Dataset content section start

Lemma DefOn_exists k : forall n (P : list M -> Prop), DefOn (n + k) P ->
  DefOn n (fun s => exists u, length u = k /\ P (s ++ u)).
Proof.
  induction k; intros n P HP.
  - rewrite Nat.add_0_r in HP. eapply DefOn_iff; [exact HP|]. intros s _; split.
    + intros H; exists []; rewrite app_nil_r; auto.
    + intros [[|] [Hu H]]; [now rewrite app_nil_r in H | simpl in Hu; lia].
  - rewrite Nat.add_succ_r in HP. apply DefOn_exists_last, IHk in HP.
    eapply DefOn_iff; [exact HP|]. intros s _; split.
    + intros [u [Hu [a Ha]]]. exists (u ++ [a]). rewrite length_app, app_assoc; simpl.
      split; [lia | auto].
    + intros [u [Hu H]]. destruct (exists_last (l:=u)) as [u' [a ->]].
      { intros ->; simpl in Hu; lia. }
      rewrite length_app in Hu; simpl in Hu. exists u'; split; [lia|].
      exists a. now rewrite <- app_assoc.
Qed.

Lemma Def_and_forall_lt N (P : list M -> Prop) (Q : nat -> list M -> Prop) K :
  Def L N P -> (forall j, j < K -> Def L N (Q j)) ->
  Def L N (fun w => P w /\ forall j, j < K -> Q j w).
Proof.
  induction K; intros HP HQ.
  - eapply Def_iff; [exact HP|]; intros w; split; [intros; split; auto; intros; lia | tauto].
  - destruct HS as (_&_&_&Hi&_).
    pose proof (Hi _ _ _ (IHK HP (fun j Hj => HQ j ltac:(lia))) (HQ K ltac:(lia))) as H.
    eapply Def_iff; [exact H|]; intros w; split.
    + intros [[H1 H2] H3]; split; auto; intros j Hj.
      destruct (Nat.eq_dec j K); [subst; auto | apply H2; lia].
    + intros [H1 H2]; split; [split|]; auto.
Qed.

(* The diagonals of [structure_axioms] identify an appended block with the selected coordinates. *)
Lemma DefOn_select n k A sigma : Def L k A -> length sigma = k -> (forall i, In i sigma -> i < n) ->
  DefOn n (fun s => A (map (fun i => nth i s (zero L)) sigma)).
Proof.
  intros HA Hlen Hin. destruct HS as (_&Hf&_&_&Hp&Hd&_).
  assert (Hsig : forall j, j < k -> nth j sigma 0 < n) by (intros j Hj; apply Hin, nth_In; lia).
  set (W := fun w => (length (firstn n w) = n /\ A (skipn n w)) /\ forall j, j < k ->
     (length w = n + k /\ nth_error w (n + j) = nth_error w (nth j sigma 0))).
  assert (HW : Def L (n + k) W).
  { apply Def_and_forall_lt; [exact (Hp n k _ A (Hf n) HA)|].
    intros j Hj. specialize (Hsig j Hj). apply Hd; lia. }
  apply DefOn_of_Def, DefOn_exists in HW.
  eapply DefOn_iff; [exact HW|]. intros s Hs.
  assert (Hsel : forall u j, j < k ->
    nth_error (s ++ u) (n + j) = nth_error (s ++ u) (nth j sigma 0) <->
    nth_error u j = nth_error (map (fun i => nth i s (zero L)) sigma) j).
  { intros u j Hj. specialize (Hsig j Hj).
    rewrite nth_error_app2, nth_error_app1 by lia. replace (n + j - length s) with j by lia.
    rewrite nth_error_map, (nth_error_nth' sigma 0) by lia; simpl.
    rewrite (nth_error_nth' s (zero L)) by lia. reflexivity. }
  unfold W; split.
  - intros [u [Hu [[_ H1] H2]]]. rewrite skipn_app_length in H1 by auto.
    replace (map (fun i => nth i s (zero L)) sigma) with u; auto.
    apply nth_error_ext. intros j. destruct (Nat.lt_ge_cases j k).
    + apply Hsel; auto. apply H2; auto.
    + rewrite (proj2 (nth_error_None u j)) by lia. symmetry. apply nth_error_None.
      rewrite length_map; lia.
  - intros HA'. exists (map (fun i => nth i s (zero L)) sigma). rewrite length_map.
    split; auto. rewrite firstn_app_length, skipn_app_length by auto. repeat split; auto.
    + rewrite length_app, length_map; lia.
    + apply Hsel; auto.
Qed.
Lemma Delta_at_based (p : 'I_n) : Delta_at n m p =
  [set ((ord0, p), y) | y in [set y : sbv n M | ((ord0, p) != y) && (y.2 <= p)]].
Proof.
apply/setP => -[[i j] y]; rewrite !inE /=; apply/idP/imsetP.
- case/andP => /and3P [neq i0 le_yj] /eqP jp.
  have ei : i = ord0 by apply: val_inj; apply/eqP.
  have ej : j = p by apply: val_inj.
  by rewrite ei ej in neq le_yj *; exists y; rewrite // inE neq le_yj.
- case=> y'; rewrite inE => /andP [neq le_yp] [-> -> ->] /=.
  by rewrite neq le_yp eqxx.
Qed.

Lemma act_based_root (p l : 'I_n) (k : 'I_M) :
  act_root w ((ord0, p), (k, l)) = ((r p, b p), ((k + r l)%R, b l)).
Proof. by rewrite /act_root /act_sbv /= !addE_Zp add0r. Qed.

Definition neg_term (p l : 'I_n) (k : 'I_M) : bool :=
  [&& l <= p, (ord0, p) != (k, l) & ~~ is_pos (act_root w ((ord0, p), (k, l)))].

Lemma neg_count_sum (p : 'I_n) :
  neg_count w p = \sum_(l < n) \sum_(k < M) neg_term p l k.
Proof.
rewrite /neg_count Delta_at_based -imset_comp card_imset_setI; last first.
  by move=> y y' /act_root_inj [].
rewrite card_set_sum (eq_bigr (fun y => neg_term p y.2 y.1 : nat)); last first.
  move=> [k l] _; rewrite !inE /= /neg_term (inj_eq (@act_sbv_inj _ _ w)).
  by case: ((ord0, p) != (k, l)); case: (l <= p); rewrite /= ?andbT.
by rewrite exchange_big pair_big; apply: eq_bigl.
Qed.
Lemma neg_term_diag (p : 'I_n) (k : 'I_M) : neg_term p p k = ((k + r p)%R < r p).
Proof.
rewrite /neg_term act_based_root leqnn xpair_eqE eqxx andbT /= eqxx ltnn !andbF orbF.
have -> : (ord0 != k) = ((k + r p)%R != r p).
  by rewrite -[X in _ = (_ != X)]add0r (inj_eq (addIr _)) eq_sym.
by rewrite andTb orbF -leqNgt ltn_neqAle.
Qed.

Lemma neg_term_above (p l : 'I_n) (k : 'I_M) : p < l -> neg_term p l k = false.
Proof. by move=> lt_pl; rewrite /neg_term leqNgt lt_pl. Qed.

Lemma neg_term_below_larger (p l : 'I_n) (k : 'I_M) :
  l < p -> b p < b l -> neg_term p l k = ((k + r l)%R == 0%R).
Proof.
move=> lt_lp lt_b; have neq_pl : (p == l) = false by rewrite -val_eqE gtn_eqF.
rewrite /neg_term act_based_root (ltnW lt_lp) xpair_eqE neq_pl andbF /=.
by rewrite (inj_eq perm_inj) neq_pl (leq_gtF (ltnW lt_b)) lt_b andbF andbT negbK.
Qed.

Lemma neg_term_below_smaller (p l : 'I_n) (k : 'I_M) :
  l < p -> b l < b p -> neg_term p l k = (r p != 0%R).
Proof.
move=> lt_lp lt_b; have neq_pl : (p == l) = false by rewrite -val_eqE gtn_eqF.
rewrite /neg_term act_based_root (ltnW lt_lp) xpair_eqE neq_pl andbF /=.
by rewrite (inj_eq perm_inj) neq_pl (leq_gtF (ltnW lt_b)) lt_b andbF andbT orbF.
Qed.

Lemma exponent_count (p l : 'I_n) : \sum_(k < M) neg_term p l k =
  (if l == p then nat_of_ord (r p) else 0) + ((l < p) && (b p < b l))
  + (0 < r p) * M * ((l < p) && (b l < b p)).
Proof.
case: (ltngtP l p) => [lt_lp | lt_pl | /val_inj ->].
- rewrite -val_eqE (ltn_eqF lt_lp) /=.
  have : b l != b p by rewrite (inj_eq perm_inj) -val_eqE ltn_eqF.
  rewrite neq_ltn => /orP [lt_b | lt_b].
  + under eq_bigr => k _ do rewrite neg_term_below_smaller //.
    by rewrite sum_nat_const card_ord lt0n (leq_gtF (ltnW lt_b)) lt_b muln1 mulnC.
  + under eq_bigr => k _ do rewrite neg_term_below_larger //.
    rewrite (sum_shift (r l) (fun k => k == 0%R : nat)) (bigD1 0%R) //= big1.
      by rewrite (leq_gtF (ltnW lt_b)) lt_b muln0.
    by move=> k /negbTE ->.
- rewrite big1 => [|k _]; last by rewrite neg_term_above.
  by rewrite -val_eqE gtn_eqF // muln0.
- rewrite (eq_bigr (fun k => (k + r p)%R < r p : nat)) => [|k _]; last first.
    by rewrite neg_term_diag.
  rewrite (sum_shift (r p) (fun k => k < r p : nat)).
  by rewrite (sum_ord_lt (ltnW (ltn_ord (r p)))) eqxx muln0 !addn0.
Qed.

Lemma neg_count_formula (p : 'I_n) :
  neg_count w p = r p + left_inv p + (0 < r p) * M * left_noninv p.
Proof.
rewrite neg_count_sum (eq_bigr _ (fun l _ => exponent_count p l)).
by rewrite !big_split /= -big_mkcond big_pred1_eq -big_distrr.
Qed.

Lemma neg_count_lt (p : 'I_n) : neg_count w p < p.+1 * M.
Proof.
rewrite neg_count_formula; have := left_inv_noninv p; have := ltn_ord (r p).
by case: (nat_of_ord (r p)) => [|s] /=; nia.
Qed.

End Formula.

(* The value r + A + [r > 0] (m+1) B, with r <= m and A + B = p, determines
   r and A: it is A <= p when r = 0, and p + 1 + (r - 1) + m B otherwise. *)
Lemma neg_count_decode (m p s s' A A' B B' : nat) : s < m.+1 -> s' < m.+1 ->
  A + B = p -> A' + B' = p ->
  s + A + (0 < s) * m.+1 * B = s' + A' + (0 < s') * m.+1 * B' -> s = s' /\ A = A'.
Proof.
have shape t C D : C + D = p ->
    t + C + (0 < t) * m.+1 * D = if t is t1.+1 then p.+1 + (t1 + m * D) else C.
  case: t => [|t1] eCD /=; first by rewrite !mul0n addn0.
  by rewrite -eCD mul1n mulSn; lia.
move=> lt_s lt_s' eAB eAB'; rewrite (shape _ _ _ eAB) (shape _ _ _ eAB').
case: s lt_s => [|s1] lt_s; case: s' lt_s' => [|s1'] lt_s' E; try lia.
have [-> eqB] := euclid_unique (ltnSE lt_s) (ltnSE lt_s') (addnI E).
by split => //; lia.
Qed.
(* Let $V$ be a finite set with $n=|V|\ge 3$, and let $x=(V,E_x)$ and $y=(V,E_y)$ be two undirected Hamiltonian cycles on $V$. Let $E=E_x\uplus E_y$ be the edge multiset of the 4-regular multigraph $x\cup y$ (an edge lying in both cycles appears as two distinct parallel copies, one from $E_x$ and one from $E_y$); let $c=|E_x\cap E_y|$ be the number of edges common to both cycles, and let $E_x\setminus E_y$ (resp. $E_y\setminus E_x$) denote the copies coming from $x$ (resp. $y$) of edges that do not belong to the other cycle. For $v\in V$ let $E_v\subseteq E$ be the set of edge copies incident to $v$, and for $S\subseteq V$ let $E_S\subseteq E$ be the set of edge copies with both endpoints in $S$. Consider a vector $(x_e)_{e\in E}$ satisfying (1) $\sum_{e\in E}x_e=n$; (2) $\sum_{e\in E_v}x_e=2$ for all $v\in V$; (3) $\sum_{e\in E_x\setminus E_y}x_e\le n-c-2$; (4) $\sum_{e\in E_y\setminus E_x}x_e\le n-c-2$; (5) $\sum_{e\in E_S}x_e\le |S|-1$ for every $S\subsetneq V$ with $|S|\ge 2$; (6) $\sum_{e\in E_S}x_e\ge |E_S|-|S|+1$ for every $S\subsetneq V$ with $|S|\ge 2$; (7) $x_e\in\{0,1\}$ for all $e\in E$. Then a vector $(x_e)_{e\in E}\in\{0,1\}^E$ satisfies (1)–(7) if and only if, setting $z=\{e\in E: x_e=1\}$ and $w=\{e\in E:x_e=0\}$, both $z$ and $w$ are (edge sets of) Hamiltonian cycles on $V$ and the Hamiltonian cycle $z$ is different from both $x$ and $y$ (equivalently, $\{z,w\}$ is a Hamiltonian decomposition of $x\cup y$ into two edge-disjoint Hamiltonian cycles different from $x$ and $y$).
   Context: A Hamiltonian decomposition of a regular multigraph is a partition of its edge (multi)set into Hamiltonian cycles. For Hamiltonian cycles $x=(V,E_x)$, $y=(V,E_y)$ on the same vertex set, $x\cup y$ denotes the multigraph $(V,E_x\uplus E_y)$ containing all edges of both cycles (common edges with multiplicity 2). Two Hamiltonian cycles are considered equal if they have the same underlying edge set on $V$. *)

From mathcomp Require Import all_boot all_order all_algebra.
Set Implicit Arguments. Unset Strict Implicit. Unset Printing Implicit Defensive.
Import Order.TTheory GRing.Theory Num.Theory.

Dataset content section end

Problem:
Would you please filter the lines above and copy every one that includes "Import"?

Solved exercise:
From mathcomp Require Import all_boot all_order all_algebra.
Import Order.TTheory GRing.Theory Num.Theory.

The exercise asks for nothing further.